CPU RAM growths with every epoch

Hello everyone. I am training CNN classification model as follows:

 best_loss = 9999
 best_epoch = 0

 for epoch in range(num_epochs):

       

        # Each epoch has a training and validation phase
        for phase in ["train", "val"]:
            if phase == "train":
                model.train()  # Set model to training mode
            else:
                model.eval()  # Set model to evaluate mode

            running_loss = 0.0
            running_corrects = 0.0
       
            for data in tqdm(image_datasets[phase]):

                inputs, labels = data

                now_batch_size, c, h, w = inputs.shape
                if now_batch_size < batch_size:  # skip the last batch
                    continue

                inputs = inputs.to(device)
                labels = labels.to(device)
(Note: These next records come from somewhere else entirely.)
Lemma linear_solution (w k : R -> R) :
  (forall t, 0 <= t <= 1 -> continuous k t) ->
  (forall t, 0 <= t <= 1 -> is_derive w t (k t * w t)) ->
  forall t, 0 <= t <= 1 -> w t = w 0 * exp (RInt k 0 t).
Proof.
  intros Hk Hw t Ht.
  destruct (antiderivative_on01 k Hk) as [K [HK HKe]].
  assert (Hw' : forall s, 0 <= s <= 1 -> is_derive w s (k s * w s + 0))
    by (intros; rewrite Rplus_0_r; auto).
  assert (H := variation_of_constants w k (fun _ => 0) K HK
                 (fun _ _ => continuous_const _ _) Hw' t Ht).
  rewrite (RInt_ext_R _ (fun _ => 0)), RInt_Rconst, (HKe t Ht), (HKe 0), RInt_Rpoint, Ropp_0, exp_0 in H
    by (intros; ring || lra).
  replace (w t) with (w t * exp (- RInt k 0 t) * exp (RInt k 0 t))
    by (rewrite Rmult_assoc, <- exp_plus, Rplus_opp_l, exp_0; ring).
  f_equal. lra.
Qed.

Lemma RInt_eq_0_of_periodic_linear (w k : R -> R) :
  (forall t, 0 <= t <= 1 -> continuous k t) ->
  (forall t, 0 <= t <= 1 -> is_derive w t (k t * w t)) ->
  w 1 = w 0 -> w 0 <> 0 -> RInt k 0 1 = 0.
Proof.
  intros Hk Hw Hper H0.
  assert (H := linear_solution w k Hk Hw 1 ltac:(lra)).
  rewrite Hper in H. apply exp_inv. rewrite exp_0.
  apply (Rmult_eq_reg_l (w 0)); auto. lra.
Qed.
                # zero the parameter gradients

                optimizer.zero_grad()


                if phase == "val":
                    with torch.no_grad():
                        outputs = model(inputs)
                      

                else:
                    outputs = model(inputs)
                   

                loss = criterion(outputs, labels)
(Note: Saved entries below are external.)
(* Let $G$ be a groupoid with class of objects $X$, let $A$ be a $G$-graded $k$-linear category (viewed as a right $kG$-comodule category), and let $B$ be the diagonal algebra $B_x=A_{e_x}$ (so $B=A^{{\rm co}kG}$). The following are equivalent: (1) $A$ is strongly graded, i.e. $A_\sigma A_\tau=A_{\sigma\tau}$ for all $x,y,z\in X$, $\sigma\in G_{xy}$, $\tau\in G_{yz}$; (2) $A_{\sigma^{-1}}A_\sigma=B_y$ for all $x,y\in X$ and $\sigma\in G_{xy}$; (3) the functors $F$ from $\mathcal{D}_k(X)_B$ to $G$-graded right $A$-modules, $F(N)_{xy}=N_x\otimes_{B_x}A_{xy}$ graded by $F(N)_\sigma=N_x\otimes_{B_x}A_\sigma$, and $G'$ in the other direction, $G'(M)_x=M_{e_x}$, form a pair of inverse equivalences; more precisely the unit maps $N_x\to N_x\otimes_{B_x}A_{e_x}$, $n\mapsto n\otimes 1_x$, and counit maps $M_{e_x}\otimes_{B_x}A_{xy}\to M_{xy}$, $m\otimes a\mapsto ma$, are all bijective; (4) $A$ is a $kG$-Galois category extension of $B$, i.e. for all $x,y,z\in X$ the map ${\rm can}^z_{xy}:A_{zx}\otimes_{B_x}A_{xy}\to A_{zy}\otimes kG_{xy}$, $a\otimes_{B_x}a'\mapsto\sum_{\sigma\in G_{xy}}aa'_\sigma\otimes\sigma$ (where $a'=\sum_\sigma a'_\sigma$ with $a'_\sigma\in A_\sigma$), is bijective.
   Context: Let $k$ be a commutative ring; unadorned $\otimes$ is over $k$. A $k$-linear category $A$ with class of objects $X$ consists of $k$-modules $A_{xy}$, associative compositions $A_{xy}\otimes A_{yz}\to A_{xz}$, $a\otimes b\mapsto ab$, and units $1_x\in A_{xx}$. For a groupoid $G$ with objects $X$, $G_{xy}$ denotes the set of morphisms $y\to x$, $e_x\in G_{xx}$ the identity; $kG$ is the $k$-linear Hopf category with $kG_{xy}$ the free $k$-module on $G_{xy}$, composition extended linearly, $\Delta(\sigma)=\sigma\otimes\sigma$, $\varepsilon(\sigma)=1$, $S(\sigma)=\sigma^{-1}$. A $G$-graded $k$-linear category is a $k$-linear category $A$ with decompositions $A_{xy}=\bigoplus_{\sigma\in G_{xy}}A_\sigma$ such that $1_x\in A_{e_x}$ and $A_\sigma A_\tau\subseteq A_{\sigma\tau}$; it is a right $kG$-comodule category via $\rho(a)=a\otimes\sigma$ for $a\in A_\sigma$, and its coinvariants are $B_x=A_{e_x}$, a $k$-algebra; $A_{xy}$ is a $B_x$-$B_y$-bimodule by multiplication. $\mathcal{D}_k(X)_B$ is the category of families $(N_x)$ with $N_x$ a right $B_x$-module. A $G$-graded right $A$-module is a family $M=(M_{xy})$ with decompositions $M_{xy}=\bigoplus_{\sigma\in G_{xy}}M_\sigma$ and an associative unital right action $M_{xy}\otimes A_{yz}\to M_{xz}$ with $M_\sigma A_\tau\subseteq M_{\sigma\tau}$; morphisms are degree-preserving $A$-linear maps. $M_{e_x}$ is a right $B_x$-module. *)

From HB Require Import structures.
From mathcomp Require Import all_boot all_order all_algebra.
Set Implicit Arguments. Unset Strict Implicit. Unset Printing Implicit Defensive.
Import GRing.Theory.
Local Open Scope ring_scope.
                _, preds = torch.max(outputs.data, 1)
                preds.detach()


                # backward + optimize only if in training phase

                if epoch < warm_epoch and phase == "train":
                    warm_up = min(1.0, warm_up + 0.9 / warm_iteration)
                    loss *= warm_up

                if phase == "train":
                    loss.backward()
                    optimizer.step()
                    scheduler.step()


                running_loss += loss.item()
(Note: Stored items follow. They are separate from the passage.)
(* Let $V_{ij}(s)$, $b_i(s)$, for $i=1,\dots,M$ and $j=1,\dots,N_2$, be real-analytic functions in a neighborhood $W$ of $s_0\in\mathbb{R}^{N_1}$. Denote by $\mathcal{G}$ the collection of real-analytic functions on $W\times\mathbb{R}^{N_2}$, affine in $t=(t^1,\dots,t^{N_2})$, given by $L_i(s,t):=\sum_jV_{ij}(s)t^j-b_i(s)$ for $i=1,\dots,M$. Assume that all functions in $\mathcal{G}$ vanish at $(s_0,t_0)$ for some $t_0\in\mathbb{R}^{N_2}$, and let $A:=\{(s,t)\in W\times\mathbb{R}^{N_2}: f(s,t)=0\ \forall f\in\mathcal{G}\}$. If there exists an integer $\kappa\ge0$ such that for all $s_1\in W$, $\dim\{t:(s_1,t)\in A\}=\kappa$, then $(s_0,t_0)$ is an ordinary zero of $\mathcal{G}$.
   Context: A point $y_0\in\mathbb{R}^N$ is an ordinary zero of a family $\mathcal{G}$ of real-analytic functions near $y_0$ vanishing at $y_0$ if there exist $f_1,\dots,f_\kappa\in\mathcal{G}$ whose Jacobian matrix $(\partial f_i/\partial y^j(y_0))$ has rank $\kappa$ and such that the germ at $y_0$ of the common zero set $\{y: f(y)=0\ \forall f\in\mathcal{G}\}$ coincides with the germ at $y_0$ of $\{y:f_1(y)=\dots=f_\kappa(y)=0\}$. The dimension of the (affine) solution set $\{t:(s_1,t)\in A\}$ is its dimension as an affine subspace. *)

From HB Require Import structures.
From mathcomp Require Import all_boot all_order all_algebra.
From mathcomp Require Import all_classical all_reals all_analysis.
Set Implicit Arguments. Unset Strict Implicit. Unset Printing Implicit Defensive.
Import Order.TTheory GRing.Theory Num.Theory.
Import numFieldNormedType.Exports.
Local Open Scope classical_set_scope.
Local Open Scope ring_scope.

(* Points of R^N are row vectors 'rV[R]_N (coordinate i of y is y 0 i). *)

(* Partial sums of a multivariate power series centred at a, over the
   boxes of multi-indices alpha with all alpha_i <= n. *)
Definition mpser_box (R : realType) (N : nat) (c : ('I_N -> nat) -> R)
    (a y : 'rV[R]_N) (n : nat) : R :=
  \sum_(alpha : {ffun 'I_N -> 'I_n.+1})
     c (fun i => nat_of_ord (alpha i)) * \prod_(i < N) (y 0 i - a 0 i) ^+ alpha i.

Definition mpser_box_abs (R : realType) (N : nat) (c : ('I_N -> nat) -> R)
    (a y : 'rV[R]_N) (n : nat) : R :=
  \sum_(alpha : {ffun 'I_N -> 'I_n.+1})
     `|c (fun i => nat_of_ord (alpha i))| * \prod_(i < N) `|y 0 i - a 0 i| ^+ alpha i.

Definition real_analytic_at (R : realType) (N : nat) (f : 'rV[R]_N -> R)
    (a : 'rV[R]_N) : Prop :=
  exists r : R, 0 < r /\ exists c : ('I_N -> nat) -> R,
    forall y : 'rV[R]_N, `|y - a| < r ->
      cvg (mpser_box_abs c a y @ \oo) /\ (mpser_box c a y @ \oo --> f y).

Definition real_analytic_on (R : realType) (N : nat) (W : set 'rV[R]_N)
    (f : 'rV[R]_N -> R) : Prop :=
  forall a, W a -> real_analytic_at f a.

Definition jacobian (R : realType) (N k : nat) (f : 'I_k -> ('rV[R]_N -> R))
    (y0 : 'rV[R]_N) : 'M[R]_(k, N) :=
  \matrix_(p < k, j < N) ('D_(delta_mx 0 j) (f p) y0).

Definition ordinary_zero (R : realType) (N : nat) (G : set ('rV[R]_N -> R))
    (y0 : 'rV[R]_N) : Prop :=
  exists (k : nat) (f : 'I_k -> ('rV[R]_N -> R)),
    (forall p, G (f p)) /\
    \rank (jacobian f y0) = k /\
    \forall y \near y0,
      ((forall g, G g -> g y = 0) <-> (forall p, f p y = 0)).

(* S is an affine subspace of R^n of dimension k (in particular nonempty). *)
Definition affine_dim (R : realType) (n : nat) (S : set 'rV[R]_n) (k : nat) : Prop :=
  exists (p : 'rV[R]_n) (U : 'M[R]_n),
    \rank U = k /\ S = [set p + u | u in [set u : 'rV[R]_n | (u <= U)%MS]].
                running_corrects += (
                    float(torch.sum(preds == labels.data)) / now_batch_size
                )


                del (
                    outputs,
                    inputs,
                    preds,
                    labels,
                    loss,
                )



            epoch_loss = running_loss / dataset_sizes[phase]
            epoch_acc = running_corrects / dataset_sizes[phase]
          


            print(
                "{} Loss: {:.4f} Acc: {:.4f}".format(
                    phase,
                    epoch_loss,
                    epoch_acc,
                )
            )

            if epoch_loss < best_loss and phase == "val":
                print("new best model, saving...")
                best_loss = epoch_loss
                best_epoch = epoch
                last_model_wts = model.state_dict()
                torch.save(
                    last_model_wts,
                    path,
                )

But with every epoch RAM usage is growing. It started from 7.20 Gb, but now it’s 8 epoch and usage is already 8.02. What am I doing wrong?
I have read many threads about this problem, but still didn’t solve it. Can someone help please?

A simple approach I would try here is to delete/replace operations (with ones that should never incur additional memory usage) until the growing RAM usage goes away. For example, remove loss computation, loss tracking, replace data loading with random inputs, etc…

1 Like